### What you are asked to do
Write out exactly what each line says, starting with the first line below and ending on the one with "Definition complete (Q".

### Input records
(* Let $\mathcal{A}=(Q,\delta,I,F)$ be a complete Büchi automaton with delayed simulation $\preceq_{\mathit{de}}$, and let $p,q,r\in Q$, $a\in\Sigma$ be such that $q\in\delta(r,a)$ and $p\preceq_{\mathit{de}}q$. Let $\mathcal{A}'=(Q,\delta',I,F)$ where $\delta'=\delta\cup\{r\xrightarrow{a}p\}$. Then $\preceq_{\mathit{de}}$ is included in the delayed simulation on $\mathcal{A}'$.
   Context: A Büchi automaton is $\mathcal{A}=(Q,\delta,I,F)$ over a finite alphabet $\Sigma$ with $\delta:Q\times\Sigma\to2^Q$, complete if $\delta(q,a)\ne\emptyset$ always; $r\xrightarrow{a}p\in\delta$ means $p\in\delta(r,a)$, and $\delta\cup\{r\xrightarrow{a}p\}$ denotes the transition function obtained by adding $p$ to $\delta(r,a)$. Delayed simulation on a BA: in the game from $(p_0,r_0)$, in round $i$ Spoiler picks a transition $p_i\xrightarrow{\alpha_i}p_{i+1}$ of the automaton and Duplicator answers with a transition $r_i\xrightarrow{\alpha_i}r_{i+1}$ on the same symbol; a Duplicator strategy is a map $\sigma$ with $\sigma(r,p\xrightarrow{a}p')$ a successor of $r$ under $a$ (no lookahead). Duplicator wins if for all $i$, $p_i\in F$ implies $r_k\in F$ for some $k\ge i$. The delayed simulation relates $(p,r)$ iff Duplicator has a winning strategy from $(p,r)$. *)

From mathcomp Require Import all_boot.
Set Implicit Arguments. Unset Strict Implicit. Unset Printing Implicit Defensive.

Record BA (Q Sigma : finType) := mkBA {
  delta : Q -> Sigma -> {set Q};
  init  : {set Q};
  final : {set Q} }.

Definition complete (Q Sigma : finType) (A : BA Q Sigma) : Prop :=
  forall (q : Q) (a : Sigma), delta A q a != set0.

Definition add_trans (Q Sigma : finType) (d : Q -> Sigma -> {set Q})
  (r : Q) (a : Sigma) (p : Q) : Q -> Sigma -> {set Q} :=
  fun s b => if (s == r) && (b == a) then p |: d s b else d s b.

Definition add_transition (Q Sigma : finType) (A : BA Q Sigma)
  (r : Q) (a : Sigma) (p : Q) : BA Q Sigma :=
  mkBA (add_trans (delta A) r a p) (init A) (final A).

(* A Duplicator strategy (no lookahead): given the history of previous
   positions [(p_0,r_0);...;(p_{i-1},r_{i-1})], the current position (p_i,r_i)
   and Spoiler's move p_i -a-> p', it returns Duplicator's answer r_{i+1}. *)
Definition strategy (Q Sigma : finType) :=
  seq (Q * Q) -> Q -> Q -> Sigma -> Q -> Q.

Fixpoint dup_run (Q Sigma : finType) (sigma : strategy Q Sigma)
  (ps : nat -> Q) (als : nat -> Sigma) (r0 : Q) (n : nat) : seq (Q * Q) * Q :=
  match n with
  | 0 => ([::], r0)
  | n'.+1 =>
      let hr := dup_run sigma ps als r0 n' in
      (rcons hr.1 (ps n', hr.2), sigma hr.1 (ps n') hr.2 (als n') (ps n))
  end.

Definition delayed_winning (Q Sigma : finType) (A : BA Q Sigma)
  (sigma : strategy Q Sigma) (p0 r0 : Q) : Prop :=
  forall (ps : nat -> Q) (als : nat -> Sigma),
    ps 0 = p0 ->
    (forall i, ps i.+1 \in delta A (ps i) (als i)) ->
    let rs := fun n => (dup_run sigma ps als r0 n).2 in
    (forall i, rs i.+1 \in delta A (rs i) (als i)) /\
    (forall i, ps i \in final A -> exists k, i <= k /\ rs k \in final A).

Definition delayed_sim (Q Sigma : finType) (A : BA Q Sigma) (p r : Q) : Prop :=
  exists sigma : strategy Q Sigma, delayed_winning A sigma p r.

From Stdlib Require Import Classical ClassicalEpsilon.
From mathcomp Require Import all_boot.
Set Implicit Arguments. Unset Strict Implicit. Unset Printing Implicit Defensive.

(* Duplicator plays in the extended automaton as in A, except that a Spoiler
   move along the new edge r -a-> p is answered as if Spoiler had moved to q,
   and p <=de q is composed in from then on.  Since the new edge may be taken
   infinitely often, these compositions alone could postpone a final state of
   Duplicator forever.  Duplicator therefore keeps one bit of memory, the
   pending obligation, and while it is set plays moves that decrease a rank:
   a position (s, t) won with an obligation and t non-final has a finite rank
   (otherwise, Q and Sigma being finite, Spoiler could keep Duplicator away
   from final states forever), and composing with p <=de q on the left does
   not increase ranks. *)

Lemma ex_minP (P : nat -> Prop) :
  (exists n, P n) -> exists2 n, P n & forall m, P m -> n <= m.
Proof.
have bP n : reflect (P n) (excluded_middle_informative (P n)).
  by case: excluded_middle_informative; constructor.
move=> [n Pn]; have exP : exists n, excluded_middle_informative (P n) by exists n; apply/bP.
by case: (ex_minnP exP) => k /bP Pk mink; exists k => // m /bP /mink.
Qed.

Lemma fin_uniform_bound (T : finType) (P : T -> nat -> Prop) :
  (forall x k k', k <= k' -> P x k -> P x k') ->
  (forall x, exists k, P x k) -> exists K, forall x, P x K.
Proof.
move=> mono bound.
suff [K PK] : exists K, forall x, x \in enum T -> P x K.
  by exists K => x; apply: PK; rewrite mem_enum.
elim: (enum T) => [|x s [K PK]]; first by exists 0.
have [k Pk] := bound x; exists (maxn k K) => y; rewrite inE => /predU1P [->|ys].
  exact: mono (leq_maxl _ _) Pk.
exact: mono (leq_maxr _ _) (PK y ys).
Qed.

Definition scons (T : Type) (x : T) (f : nat -> T) (n : nat) : T :=
  if n is n'.+1 then f n' else x.

Section Moves.
Variables (Q Sigma : Type).
Implicit Types (ps : nat -> Q) (als : nat -> Sigma).

Definition moves ps als (n : nat) : seq (Sigma * Q) :=
  mkseq (fun i => (als i, ps i.+1)) n.

Lemma moves_scons ps als s c n :
  moves (scons s ps) (scons c als) n.+1 = (c, ps 0) :: moves ps als n.
Proof. by rewrite /moves /mkseq /= -[in iota 1 n](addn0 1) iotaDl -map_comp. Qed.

Lemma take_moves ps als i n : i <= n -> take i (moves ps als n) = moves ps als i.
Proof. by move=> le_in; rewrite /moves /mkseq -map_take take_iota (minn_idPl le_in). Qed.

Definition answers (rho : seq (Sigma * Q) -> Q) (l : seq (Sigma * Q)) : seq (Sigma * Q) :=
  zip (unzip1 l) [seq rho (take i l) | i <- iota 1 (size l)].

Lemma answers_moves rho ps als n :
  answers rho (moves ps als n) = moves (fun k => rho (moves ps als k)) als n.
Proof.
have size_moves m : size (moves ps als m) = m by rewrite size_mkseq.
have size_answers : size (answers rho (moves ps als n)) = n.
  by rewrite size_zip size_map size_iota size_map size_moves minnn.
apply: (@eq_from_nth _ (als 0, ps 0)) => [|i]; rewrite size_answers ?size_mkseq // => lt_in.
rewrite nth_zip ?size_map ?size_iota ?size_moves //.
rewrite (nth_map (als 0, ps 0)) ?size_moves // (nth_map 0) ?size_iota //.
by rewrite nth_iota // add1n take_moves // !nth_mkseq.
Qed.

End Moves.

Section ObligationSimulation.
Variables (Q Sigma : finType) (A : BA Q Sigma).
Implicit Types (s t : Q) (c : Sigma) (b : bool) (ps : nat -> Q) (als : nat -> Sigma)
  (rho : seq (Sigma * Q) -> Q).

Definition is_run ps als : Prop := forall i, ps i.+1 \in delta A (ps i) (als i).

Lemma is_run_scons ps als s c :
  is_run ps als -> ps 0 \in delta A s c -> is_run (scons s ps) (scons c als).
Proof. by move=> run ps0 []. Qed.

Definition some_succ s c : Q := odflt s [pick s' in delta A s c].

Lemma some_succP s c : complete A -> some_succ s c \in delta A s c.
Proof.
rewrite /some_succ => /(_ s c); case: pickP => // none.
by case/eqP; apply/setP => s'; rewrite inE none.
Qed.

Definition next_obl b s t : bool := (b || (s \in final A)) && (t \notin final A).

Definition pending (h : seq (Q * Q)) : bool :=
  foldl (fun b st => next_obl b st.1 st.2) false h.

Lemma pending_rcons h s t : pending (rcons h (s, t)) = next_obl (pending h) s t.
Proof. by rewrite /pending foldl_rcons. Qed.

(* Duplicator strategies that only see Spoiler's moves (Duplicator's own states are
   recomputed from them, which makes composition easy); [b] is an obligation,
   a final state of Spoiler that Duplicator still has to match. *)
Definition hist_winning rho s b : Prop :=
  forall ps als, ps 0 = s -> is_run ps als ->
  [/\ forall i, rho (moves ps als i.+1) \in delta A (rho (moves ps als i)) (als i),
      b -> exists k, rho (moves ps als k) \in final A &
      forall i, ps i \in final A -> exists2 k, i <= k & rho (moves ps als k) \in final A].

Definition dsim s t b : Prop := exists2 rho, rho [::] = t & hist_winning rho s b.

### Expected answer
(* Let $\mathcal{A}=(Q,\delta,I,F)$ be a complete Büchi automaton with delayed simulation $\preceq_{\mathit{de}}$, and let $p,q,r\in Q$, $a\in\Sigma$ be such that $q\in\delta(r,a)$ and $p\preceq_{\mathit{de}}q$. Let $\mathcal{A}'=(Q,\delta',I,F)$ where $\delta'=\delta\cup\{r\xrightarrow{a}p\}$. Then $\preceq_{\mathit{de}}$ is included in the delayed simulation on $\mathcal{A}'$.
   Context: A Büchi automaton is $\mathcal{A}=(Q,\delta,I,F)$ over a finite alphabet $\Sigma$ with $\delta:Q\times\Sigma\to2^Q$, complete if $\delta(q,a)\ne\emptyset$ always; $r\xrightarrow{a}p\in\delta$ means $p\in\delta(r,a)$, and $\delta\cup\{r\xrightarrow{a}p\}$ denotes the transition function obtained by adding $p$ to $\delta(r,a)$. Delayed simulation on a BA: in the game from $(p_0,r_0)$, in round $i$ Spoiler picks a transition $p_i\xrightarrow{\alpha_i}p_{i+1}$ of the automaton and Duplicator answers with a transition $r_i\xrightarrow{\alpha_i}r_{i+1}$ on the same symbol; a Duplicator strategy is a map $\sigma$ with $\sigma(r,p\xrightarrow{a}p')$ a successor of $r$ under $a$ (no lookahead). Duplicator wins if for all $i$, $p_i\in F$ implies $r_k\in F$ for some $k\ge i$. The delayed simulation relates $(p,r)$ iff Duplicator has a winning strategy from $(p,r)$. *)

From mathcomp Require Import all_boot.
Set Implicit Arguments. Unset Strict Implicit. Unset Printing Implicit Defensive.

Record BA (Q Sigma : finType) := mkBA {
  delta : Q -> Sigma -> {set Q};
  init  : {set Q};
  final : {set Q} }.

Definition complete (Q Sigma : finType) (A : BA Q Sigma) : Prop :=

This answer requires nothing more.